EFFECT: reduced cost of capital overhaul of aluminium electrolysers.

2 dwg

Description

The invention relates to non-ferrous metallurgy, in particular to the electrolytic production of aluminum, and can be used for heating the lining of the cathode casing and firing the carbon bottom of the electrolyzer.

The overall service life of the cell largely depends on the firing technology, the quality of its conduct and the final parameters of heating the bath before starting.

A known method according to which the heating of the lining and firing the bottom of the aluminum electrolyzer is carried out in the process of burning fuel by supplying nozzles under the anode during installation. Nozzles are located on the longitudinal sides of the cell. Fuel tanks are connected to the nozzles by a piping system. The space between the anode and the sides of the cathode is covered by covers. Corner covers are made with nozzles connected to gas ducts using sealing cuffs for evacuating the gases generated during firing in treatment devices (RF patent No. 2104335, class C25C 3/10, 1998).

The disadvantages of the known technical solutions are the material consumption of the installation and the melting during the firing of cast iron nozzles and metal shelters of the hearth made of stainless steel.
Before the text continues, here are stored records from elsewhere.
(* Let $p_n(\mathbf y)$ be a linear sequence of symmetric functions of binomial type, and let $\theta,\phi$ be shift-invariant linear operators on $\Lambda$. Then for every $n\ge0$, $$\epsilon\,\theta\phi\, p_n(\mathbf y)=\sum_{k=0}^n\binom nk\big(\epsilon\,\theta\, p_k(\mathbf y)\big)\big(\epsilon\,\phi\, p_{n-k}(\mathbf y)\big).$$
   Context: $\Lambda$ is the algebra of complex symmetric functions in $\mathbf y=(y_1,y_2,\dots)$. A linear sequence of symmetric functions of binomial type is $$p_n(\mathbf y)=\sum_{\lambda\vdash n}\frac{n!}{\prod_i\lambda_i!}\Big(\prod_ia_{\lambda_i}\Big)m_\lambda(\mathbf y)$$ for complex numbers $a_0=1,a_1\ne0,a_2,\dots$, where $m_\lambda$ is the monomial symmetric function. A linear operator $\theta$ on $\Lambda$ is shift-invariant if $E^a\theta=\theta E^a$ for all $a\in\mathbb C$, where $E^ap(y_1,y_2,\dots)=p(a,y_1,y_2,\dots)$. $\epsilon p=p(0,0,\dots)$. *)

From HB Require Import structures.
From mathcomp Require Import all_boot all_order all_algebra.
From mathcomp Require Import complex.
From mathcomp Require Import Rstruct.
Set Implicit Arguments. Unset Strict Implicit. Unset Printing Implicit Defensive.
Import Order.TTheory GRing.Theory Num.Theory.
Local Open Scope ring_scope.

Definition CC : numClosedFieldType := (Rdefinitions.R)[i].

(* A symmetric function is represented by its evaluations at finitely many
   variables (y_1, ..., y_N, 0, 0, ...), given as a finite list y. *)
Definition symfun := seq CC -> CC.

Definition is_partition (n : nat) (l : seq nat) : bool :=
  [&& sorted geq l, all (fun i => 0 < i)%N l & sumn l == n].

Definition partitions (n : nat) : seq (seq nat) :=
  undup [seq l <- flatten [seq map (fun f : {ffun 'I_k -> 'I_n.+1} =>
                                        [seq val (f i) | i <- enum 'I_k])
                                     (enum {ffun 'I_k -> 'I_n.+1})
                           | k <- iota 0 n.+1]
        | is_partition n l].

(* Monomial symmetric function m_lambda, evaluated at (y_1,...,y_N,0,...):
   sum of y^alpha over the distinct exponent vectors alpha whose nonzero
   entries are a rearrangement of lambda. *)
Definition msym (l : seq nat) : symfun := fun y =>
  \sum_(al : {ffun 'I_(size y) -> 'I_(sumn l).+1}
        | sort geq [seq val (al i) | i <- enum 'I_(size y) & val (al i) != 0%N] == l)
    \prod_(i < size y) (nth 0 y i) ^+ val (al i).

Definition inLambda (f : symfun) : Prop :=
  exists (s : seq (seq nat)) (c : seq nat -> CC),
    all (fun l => is_partition (sumn l) l) s /\
    f = fun y => \sum_(l <- s) c l * msym l y.

Definition Eshift (a : CC) (p : symfun) : symfun := fun y => p (a :: y).

Definition epsilon (p : symfun) : CC := p [::].

Definition linear_on_Lambda (th : symfun -> symfun) : Prop :=
  (forall f, inLambda f -> inLambda (th f)) /\
  (forall (c : CC) f g, inLambda f -> inLambda g ->
     th (fun y => c * f y + g y) = (fun y => c * th f y + th g y)).

Definition shift_invariant (th : symfun -> symfun) : Prop :=
  forall (a : CC) f, inLambda f -> th (Eshift a f) = Eshift a (th f).

Definition binom_seq (a : nat -> CC) (n : nat) : symfun := fun y =>
  \sum_(l <- partitions n)
     ((n`!)%:R / \prod_(i <- l) (i`!)%:R) * (\prod_(i <- l) a i) * msym l y.

From HB Require Import structures.
From mathcomp Require Import all_boot all_order all_algebra.
From mathcomp Require Import complex Rstruct ring.
From Stdlib Require Import FunctionalExtensionality.
Set Implicit Arguments. Unset Strict Implicit. Unset Printing Implicit Defensive.
Import GRing.Theory Num.Theory.
Local Open Scope ring_scope.

(* With A(t) = sum_j a_j t^j / j!, grouping the exponent vectors of the
   monomials by their partition gives p_n(y) = n! [t^n] prod_i A(y_i t), where
   a_0 = 1 accounts for the zero exponents and A may be truncated at degree n.
   This generating function is multiplicative over the variables, whence
   p_n(w, z) = sum_k C(n,k) p_(n-k)(w) p_k(z).  Iterating shift invariance gives
   (phi f)(y) = epsilon phi f(y, .); applied to f = p_n and expanded by linearity
   in z this yields phi p_n = sum_k C(n,k) (epsilon phi p_(n-k)) p_k, and it
   remains to apply theta and epsilon. *)

Definition ffun_partition {N M} (f : {ffun 'I_N -> 'I_M}) : seq nat :=
  sort geq [seq val (f i) | i <- enum 'I_N & val (f i) != 0%N].

Lemma msym_ffunE l m (y : seq CC) : sumn l = m ->
  msym l y = \sum_(f : {ffun 'I_(size y) -> 'I_m.+1} | ffun_partition f == l)
               \prod_(i < size y) y`_i ^+ val (f i).
Proof. by move=> <-. Qed.

Lemma big_ffun_partition (R : Type) (idx : R) (op : Monoid.com_law idx)
    N M (f : {ffun 'I_N -> 'I_M}) (F : nat -> R) : F 0%N = idx ->
  \big[op/idx]_(j <- ffun_partition f) F j = \big[op/idx]_(i < N) F (f i).
Proof.
move=> F0; rewrite (perm_big _ (permEl (perm_sort _ _))) big_map big_filter.
rewrite big_mkcond big_enum; apply: eq_bigr => i _ /=.
by case: eqP => [->|].
Qed.

Lemma is_partition_ffun_partition N k (f : {ffun 'I_N -> 'I_k.+1}) :
  is_partition k (ffun_partition f) = (\sum_i val (f i) == k)%N.
Proof.
have geq_total : total geq by move=> x y; exact: leq_total.
rewrite /is_partition sort_sorted // all_sort sumnE big_ffun_partition //=.
suff -> : all (fun i => 0 < i)%N [seq val (f i) | i <- enum 'I_N & val (f i) != 0%N].
  by [].
by apply/allP => x; case/mapP => i; rewrite mem_filter lt0n => /andP [fi_gt0 _] ->.
Qed.

Lemma size_le_sumn l : all (fun i => 0 < i)%N l -> (size l <= sumn l)%N.
Proof. by elim: l => //= h l IH /andP [h0 /IH]; rewrite -add1n; apply: leq_add. Qed.

Lemma nth_le_sumn l i : (nth 0%N l i <= sumn l)%N.
Proof.
elim: l i => [|h l IH] [|i] //=; first exact: leq_addr.
exact: leq_trans (IH i) (leq_addl _ _).
Qed.

Lemma mem_partitions n l : (l \in partitions n) = is_partition n l.
Proof.
rewrite /partitions mem_undup mem_filter andbC.
apply/andP/idP => [[]//| Hl]; split => //.
have /and3P [_ pos /eqP sl] := Hl.
apply/flatten_mapP; exists (size l).
  by rewrite mem_iota add0n ltnS -sl size_le_sumn.
apply/mapP; exists [ffun i : 'I_(size l) => (inord (nth 0%N l i) : 'I_n.+1)].
  by rewrite mem_enum.
rewrite -[LHS](mkseq_nth 0%N) /mkseq -val_enum_ord -map_comp.
by apply: eq_map => i /=; rewrite ffunE inordK // ltnS -sl nth_le_sumn.
Qed.

Definition egf_poly (a : nat -> CC) M (b : CC) : {poly CC} :=
  \poly_(j < M.+1) (a j / j`!%:R * b ^+ j).

Definition egf_prod (a : nat -> CC) M (y : seq CC) : {poly CC} :=
  \prod_(b <- y) egf_poly a M b.

Lemma prod_scaleXn (I : Type) (r : seq I) (c : I -> CC) (e : I -> nat) :
  \prod_(i <- r) (c i *: 'X^(e i)) = (\prod_(i <- r) c i) *: 'X^(\sum_(i <- r) e i).
Proof.
elim: r => [|h r IH]; first by rewrite !big_nil scale1r expr0.
by rewrite !big_cons IH -scalerAl -scalerAr scalerA exprD.
Qed.

Lemma coef_egf_prod a k y : (egf_prod a k y)`_k =
  \sum_(f : {ffun 'I_(size y) -> 'I_k.+1})
    (\prod_(i < size y) (a (f i) / (f i)`!%:R * y`_i ^+ f i))
      * (k == \sum_i val (f i))%:R.
Proof.
rewrite /egf_prod (big_nth 0) big_mkord /egf_poly.
under eq_bigr do rewrite poly_def.
rewrite bigA_distr_bigA coef_sum; apply: eq_bigr => f _.
by rewrite prod_scaleXn coefZ coefXn.
Qed.

Lemma partitions_uniq n : uniq (partitions n).
Proof. exact: undup_uniq. Qed.

Lemma binom_seq_egfE a k y : a 0%N = 1 ->
  binom_seq a k y = k`!%:R * (egf_prod a k y)`_k.
Proof.
move=> a0; rewrite coef_egf_prod /binom_seq.
transitivity (\sum_(l <- partitions k)
   \sum_(f : {ffun 'I_(size y) -> 'I_k.+1} | ffun_partition f == l)
      k`!%:R * \prod_(i < size y) (a (f i) / (f i)`!%:R * y`_i ^+ f i)).
  rewrite big_seq [RHS]big_seq; apply: eq_bigr => l.
  rewrite mem_partitions => /and3P [_ _ /eqP sl].
  rewrite (msym_ffunE y sl) mulr_sumr; apply: eq_bigr => f /eqP <-.
  rewrite !big_ffun_partition // !big_split /= prodfV; ring.
rewrite mulr_sumr; under eq_bigr do rewrite big_mkcond.
rewrite exchange_big /=; apply: eq_bigr => f _.
rewrite -big_mkcond big_const_seq iter_addr_0.
rewrite (eq_count (eq_sym (ffun_partition f))) count_uniq_mem ?partitions_uniq //.
by rewrite mem_partitions is_partition_ffun_partition eq_sym mulr_natr mulrnAr.
Qed.

Lemma coef_egf_poly a M b i : (egf_poly a M b)`_i =
  if (i < M.+1)%N then a i / i`!%:R * b ^+ i else 0.
Proof. exact: coef_poly. Qed.

Lemma coef_egf_prod_trunc a M k y i : (k <= M)%N -> (i <= k)%N ->
  (egf_prod a M y)`_i = (egf_prod a k y)`_i.
Proof.
move=> kM; rewrite /egf_prod; elim: y i => [|b y IH] i ik; first by rewrite !big_nil.
rewrite !big_cons !coefM; apply: eq_bigr => j _.
have ji : (j <= i)%N by rewrite -ltnS.
rewrite !coef_egf_poly !ltnS (leq_trans ji ik) (leq_trans (leq_trans ji ik) kM) IH //.
exact: leq_trans (leq_subr _ _) ik.
Qed.

Lemma binom_seq_cat a n w z : a 0%N = 1 ->
  binom_seq a n (w ++ z) =
  \sum_(k < n.+1) 'C(n, k)%:R * binom_seq a (n - k) w * binom_seq a k z.
Proof.
move=> a0; rewrite binom_seq_egfE // /egf_prod big_cat /= (mulrC (\prod_(b <- w) _)).
rewrite coefM mulr_sumr.
apply: eq_bigr => k _; have kn : (k <= n)%N by rewrite -ltnS.
rewrite !binom_seq_egfE // -(coef_egf_prod_trunc a w (leq_subr k n) (leqnn _)).
rewrite -(coef_egf_prod_trunc a z kn (leqnn k)) -(bin_fact kn) !natrM; ring.
Qed.

Lemma inLambda_binom_seq_sum a m (c : nat -> CC) :
  inLambda (fun z => \sum_(k < m) c k * binom_seq a k z).
Proof.
exists (flatten [seq partitions k | k <- iota 0 m]).
exists (fun l => c (sumn l) * (sumn l)`!%:R / \prod_(i <- l) i`!%:R * \prod_(i <- l) a i).
split.
  apply/allP => l /flatten_mapP [k _].
  by rewrite mem_partitions => Hl; have /and3P [_ _ /eqP ->] := Hl.
apply: functional_extensionality => z.
rewrite big_flatten /= big_map -val_enum_ord big_map big_enum /=.
apply: eq_bigr => k _; rewrite /binom_seq mulr_sumr.
rewrite [LHS]big_seq [RHS]big_seq; apply: eq_bigr => l.
by rewrite mem_partitions => /and3P [_ _ /eqP ->]; rewrite !mulrA.
Qed.

Lemma inLambda_binom_seq a m : inLambda (binom_seq a m).
Proof.
have -> : binom_seq a m = fun z => \sum_(k < m.+1) (k == m :> nat)%:R * binom_seq a k z.
  apply: functional_extensionality => z; rewrite big_ord_recr /= eqxx mul1r big1 ?add0r //.
  by move=> k _; rewrite /= ltn_eqF // mul0r.
exact: (inLambda_binom_seq_sum a m.+1 (fun k => (k == m)%:R)).
Qed.

Lemma linear_on_Lambda0 th : linear_on_Lambda th -> th (fun _ => 0) = (fun _ => 0).
Proof.
case=> _ th_lin.
have Lambda0 : inLambda (fun _ => 0).
  exists [::], (fun _ => 0); split => //.
  by apply: functional_extensionality => y; rewrite big_nil.
have := th_lin 1 _ _ Lambda0 Lambda0.
have -> : (fun _ : seq CC => 1 * 0 + 0) = (fun _ => 0 : CC).
  by apply: functional_extensionality => y; rewrite mulr0 addr0.
move=> th0; apply: functional_extensionality => y.
have := congr1 (fun f => f y) th0; rewrite /= mul1r => th0y.
by apply: (addrI (th (fun _ => 0) y)); rewrite -th0y addr0.
Qed.

Lemma linear_binom_seq_sum th a m (c : nat -> CC) : linear_on_Lambda th ->
  th (fun z => \sum_(k < m) c k * binom_seq a k z) =
  fun y => \sum_(k < m) c k * th (binom_seq a k) y.
Proof.
move=> th_lin; elim: m => [|m IH].
  have sum0 (F : seq CC -> 'I_0 -> CC) : (fun z => \sum_(k < 0) F z k) = fun _ => 0.
    by apply: functional_extensionality => z; rewrite big_ord0.
  by rewrite !sum0 linear_on_Lambda0.
have -> : (fun z => \sum_(k < m.+1) c k * binom_seq a k z) =
          fun z => c m * binom_seq a m z + \sum_(k < m) c k * binom_seq a k z.
  by apply: functional_extensionality => z; rewrite big_ord_recr addrC.
case: th_lin => _ ->; [|exact: inLambda_binom_seq|exact: inLambda_binom_seq_sum].
by rewrite IH; apply: functional_extensionality => y; rewrite big_ord_recr addrC.
Qed.

Lemma shift_invariant_epsilonE th f : shift_invariant th ->
  (forall w, inLambda (fun z => f (w ++ z))) ->
  forall y, th f y = epsilon (th (fun z => f (y ++ z))).
Proof.
move=> th_shift + y; elim: y f => [|b y IH] f f_Lambda //.
rewrite -[th f _]/(Eshift b (th f) y) -th_shift; last exact: (f_Lambda [::]).
by rewrite IH // => w; exact: (f_Lambda (b :: w)).
Qed.

Lemma shift_invariant_binom_seqE ph a n :
  a 0%N = 1 -> linear_on_Lambda ph -> shift_invariant ph ->
  ph (binom_seq a n) = fun y =>
    \sum_(k < n.+1) 'C(n, k)%:R * epsilon (ph (binom_seq a (n - k))) * binom_seq a k y.
Proof.
move=> a0 ph_lin ph_shift; apply: functional_extensionality => y.
have catE w : (fun z => binom_seq a n (w ++ z)) =
    fun z => \sum_(k < n.+1) ('C(n, k)%:R * binom_seq a (n - k) w) * binom_seq a k z.
  by apply: functional_extensionality => z; rewrite binom_seq_cat.
have cat_Lambda w : inLambda (fun z => binom_seq a n (w ++ z)).
  rewrite catE.
  exact: (inLambda_binom_seq_sum a n.+1 (fun k => 'C(n, k)%:R * binom_seq a (n - k) w)).
rewrite (shift_invariant_epsilonE ph_shift cat_Lambda) catE.
rewrite (linear_binom_seq_sum a n.+1 (fun k => 'C(n, k)%:R * binom_seq a (n - k) y) ph_lin).
rewrite /epsilon (reindex_inj rev_ord_inj) /=.
apply: eq_bigr => k _; have kn : (k <= n)%N by rewrite -ltnS.
by rewrite subSS subKn // bin_sub // mulrAC.
Qed.

Theorem mainTheorem11 (a : nat -> CC) (th ph : symfun -> symfun) (n : nat) :
  a 0%N = 1 -> a 1%N != 0 ->
  linear_on_Lambda th -> linear_on_Lambda ph ->
  shift_invariant th -> shift_invariant ph ->
  epsilon (th (ph (binom_seq a n))) =
  \sum_(k < n.+1)
     ('C(n, k))%:R * epsilon (th (binom_seq a k)) * epsilon (ph (binom_seq a (n - k))).
Proof.
move=> a0 _ th_lin ph_lin _ ph_shift.
rewrite shift_invariant_binom_seqE //.
pose c k := 'C(n, k)%:R * epsilon (ph (binom_seq a (n - k))).
rewrite (linear_binom_seq_sum a n.+1 c th_lin) /epsilon.
by apply: eq_bigr => k _; rewrite mulrAC.
Qed.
The closest in technical essence to the proposed method is a method comprising installing a heat-insulating shelter, heating the hearth with burners through openings in a heat-insulating shelter, dismantling the heat-insulating shelter and pouring electrolyte on the bottom of the electrolyzer. The burners are installed in two rows between the longitudinal faces of the anode and the cell of the cell. The burners of one row are offset relative to the burners of the second row, and the distance between them in the row is 0.12-0.4 shaft lengths. Fuel tanks are connected to the burners by a piping system. The heat-insulating shelter is made in the form of metal covers covering the space between the anode and the sides of the cathode. The heat-insulating shelter is a prefabricated structure made of stainless steel, consisting of four parts with a total weight of 1000 kg and located in the high temperature zone. Burners are installed and fixed in shelters. The installation and dismantling of shelters together with the burners is carried out by a crane (RF patent No. 2088697, class C25C 3/10, 1997).
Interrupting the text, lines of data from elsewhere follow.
Lemma rho_twin_cover V : twin_cover (rho e V) V.
Proof. by split=> [|b /repP[]]; [apply: rho_sub | exists (rep V b)]. Qed.

Lemma twin_cover_rhoD B D : (forall x y, twin B x y -> x \in D -> y \in D) ->
  twin_cover (rho e B :\: D) (B :\: D).
Proof.
move=> closD; split; first exact: setSD (rho_sub B).
move=> b /setDP[bB bD]; have [rr trb] := repP bB.
have rD : rep B b \notin D by apply: contra bD; apply: closD trb.
exists (rep B b); first by rewrite inE rD rr.
apply: twin_sub (subsetDl B D) _ _ trb; rewrite inE ?bD //.
by rewrite rD (subsetP (rho_sub B)).
Qed.

Lemma twin_cover_twin A B a a' : twin_cover A B -> twin A a a' -> twin B a a'.
Proof.
move=> [sAB coverB] /twinP[aA a'A caa'].
have aB := subsetP sAB a aA; have a'B := subsetP sAB a' a'A.
apply/twinP; split=> //; apply/setP => z.
case zB : (z \in B); last first.
  have [za za'] : z != a /\ z != a' by split; apply: contraFneq zB => ->.
  by rewrite !in_cnbhd zB (negbTE za) (negbTE za').
have [z' z'A /twinP[_ _ cz']] := coverB z zB.
have moveA c : c \in A -> (z \in cnbhd e B c) = (z' \in cnbhd e A c).
  move=> cA; have cB := subsetP sAB c cA; have z'B := subsetP sAB z' z'A.
  rewrite cnbhd_sym // -cz' -cnbhd_sym //.
  by rewrite (in_cnbhd_sub _ sAB cA) z'A.
by rewrite !moveA // caa'.
Qed.

Lemma bij_extend (A : {set T}) (g : T -> T) :
  {in A &, injective g} -> exists2 f : T -> T, bijective f & {in A, f =1 g}.
Proof.
move=> g_inj; set sA := enum (~: A); set sB := enum (~: (g @: A)).
have size_sAB : size sA = size sB.
  apply/(@addnI #|A|).
  by rewrite -{2}(card_in_imset g_inj) /sA /sB -!cardE !cardsC.
pose f x := if x \in A then g x else nth x sB (index x sA).
have f_out y : y \notin A -> f y \in ~: (g @: A).
  move=> yA; rewrite /f (negbTE yA) -[_ \in ~: _]mem_enum -/sB.
  by apply: mem_nth; rewrite -size_sAB index_mem /sA mem_enum inE.
exists f; last by move=> x xA; rewrite /f xA.
apply: injF_bij => x y.
case: (boolP (x \in A)) => xA; case: (boolP (y \in A)) => yA.
- by rewrite /f xA yA; apply: g_inj.
- by move=> fxy; have := f_out y yA; rewrite -fxy /f xA inE imset_f.
- by move=> fxy; have := f_out x xA; rewrite fxy /f yA inE imset_f.
have xs : x \in sA by rewrite mem_enum inE.
have ys : y \in sA by rewrite mem_enum inE.
have iy : index y sA < size sB by rewrite -size_sAB index_mem.
rewrite /f (negbTE xA) (negbTE yA) (set_nth_default x _ iy) => /eqP.
rewrite nth_uniq ?enum_uniq -?size_sAB ?index_mem // => /eqP ixy.
by rewrite -(nth_index x xs) ixy nth_index.
Qed.

Lemma iso_sym A B : iso e A B -> iso e B A.
Proof.
case=> f [[g fK gK] fAB f_adj]; exists g; split; first by exists f.
  by rewrite -fAB -imset_comp -[RHS]imset_id; apply: eq_imset => x /=; rewrite fK.
by move=> x y; rewrite -fAB => /imsetP[x' x'A ->] /imsetP[y' y'A ->]; rewrite !fK f_adj.
Qed.

Lemma iso_trans A B C : iso e A B -> iso e B C -> iso e A C.
Proof.
case=> f [f_bij fAB f_adj]; case=> f' [f'_bij f'BC f'_adj].
exists (f' \o f); split; first exact: bij_comp.
  by rewrite imset_comp fAB.
by move=> x y xA yA /=; rewrite f'_adj ?f_adj // -fAB imset_f.
Qed.

Lemma twin_cover_iso A B : twin_cover A B -> iso e (rho e A) (rho e B).
Proof.
move=> covAB; have [sAB coverB] := covAB.
have rA a : a \in rho e A -> a \in A := subsetP (rho_sub A) a.
have rB a : a \in rho e A -> a \in B by move/rA/(subsetP sAB).
have twinAB x y : x \in rho e A -> y \in rho e A -> twin B x y -> x = y.
  by move=> xr yr /(twin_sub sAB (rA x xr) (rA y yr)); apply: rho_twin_eq.
have rep_inj : {in rho e A &, injective (rep B)}.
  by move=> x y xr yr /eqP; rewrite eq_rep ?rB //; apply: twinAB.
have [f f_bij f_rep] := bij_extend rep_inj.
exists f; split=> //.
  rewrite (eq_in_imset f_rep); apply/setP => b; apply/imsetP/idP => [[a ar ->] | br].
    by case: (repP (rB a ar)).
  have bB := subsetP (rho_sub B) b br.
  have [a0 a0A ta0b] := coverB b bB; have [ar taa0] := repP a0A.
  exists (rep A a0) => //; apply/esym/eqP; rewrite -(rep_id br) eq_rep ?bB ?rB //.
  exact: twin_trans (twin_cover_twin covAB taa0) ta0b.
move=> x y xr yr; rewrite !f_rep //.
have [_ tx] := repP (rB x xr); have [_ ty] := repP (rB y yr).
case: (boolP (twin B x y)) => [/(twinAB x y xr yr) <- | ntxy]; first by rewrite !e_irr.
apply/idP/idP; last exact: twin_adj (twin_sym tx) (twin_sym ty) ntxy.
apply: (twin_adj tx ty); apply: contra ntxy => t.
exact: twin_trans (twin_sym tx) (twin_trans t ty).
Qed.

Lemma leafP V l : reflect (l \in V /\ exists s, forall v, (v \in V) && e l v = (v == s))
  (l \in leaves e V).
Proof.
rewrite inE; apply: (iffP andP) => -[lV nbl]; split=> //.
  by have [s /setP nbs] := cards1P nbl; exists s => v; have := nbs v; rewrite !inE.
by have [s nbs] := nbl; apply/cards1P; exists s; apply/setP => v; rewrite !inE nbs.
Qed.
The disadvantages of the prototype method: reflow during the firing process of the hearth of the electrolyzer of cast-iron nozzles and heat-insulating metal shelters of the hearth; rapid cooling of the bottom of the aluminum electrolyzer after dismantling the heat-insulating shelters before pouring the electrolyte; insufficient depth of heating of the bottom of the aluminum electrolyzer; uneven temperature rise of the hearth due to the influence of pressure drops of compressed air.

The objective of the proposed technical solution is to increase the service life and reduce the cost of major repairs when firing the bottom of an aluminum electrolyzer.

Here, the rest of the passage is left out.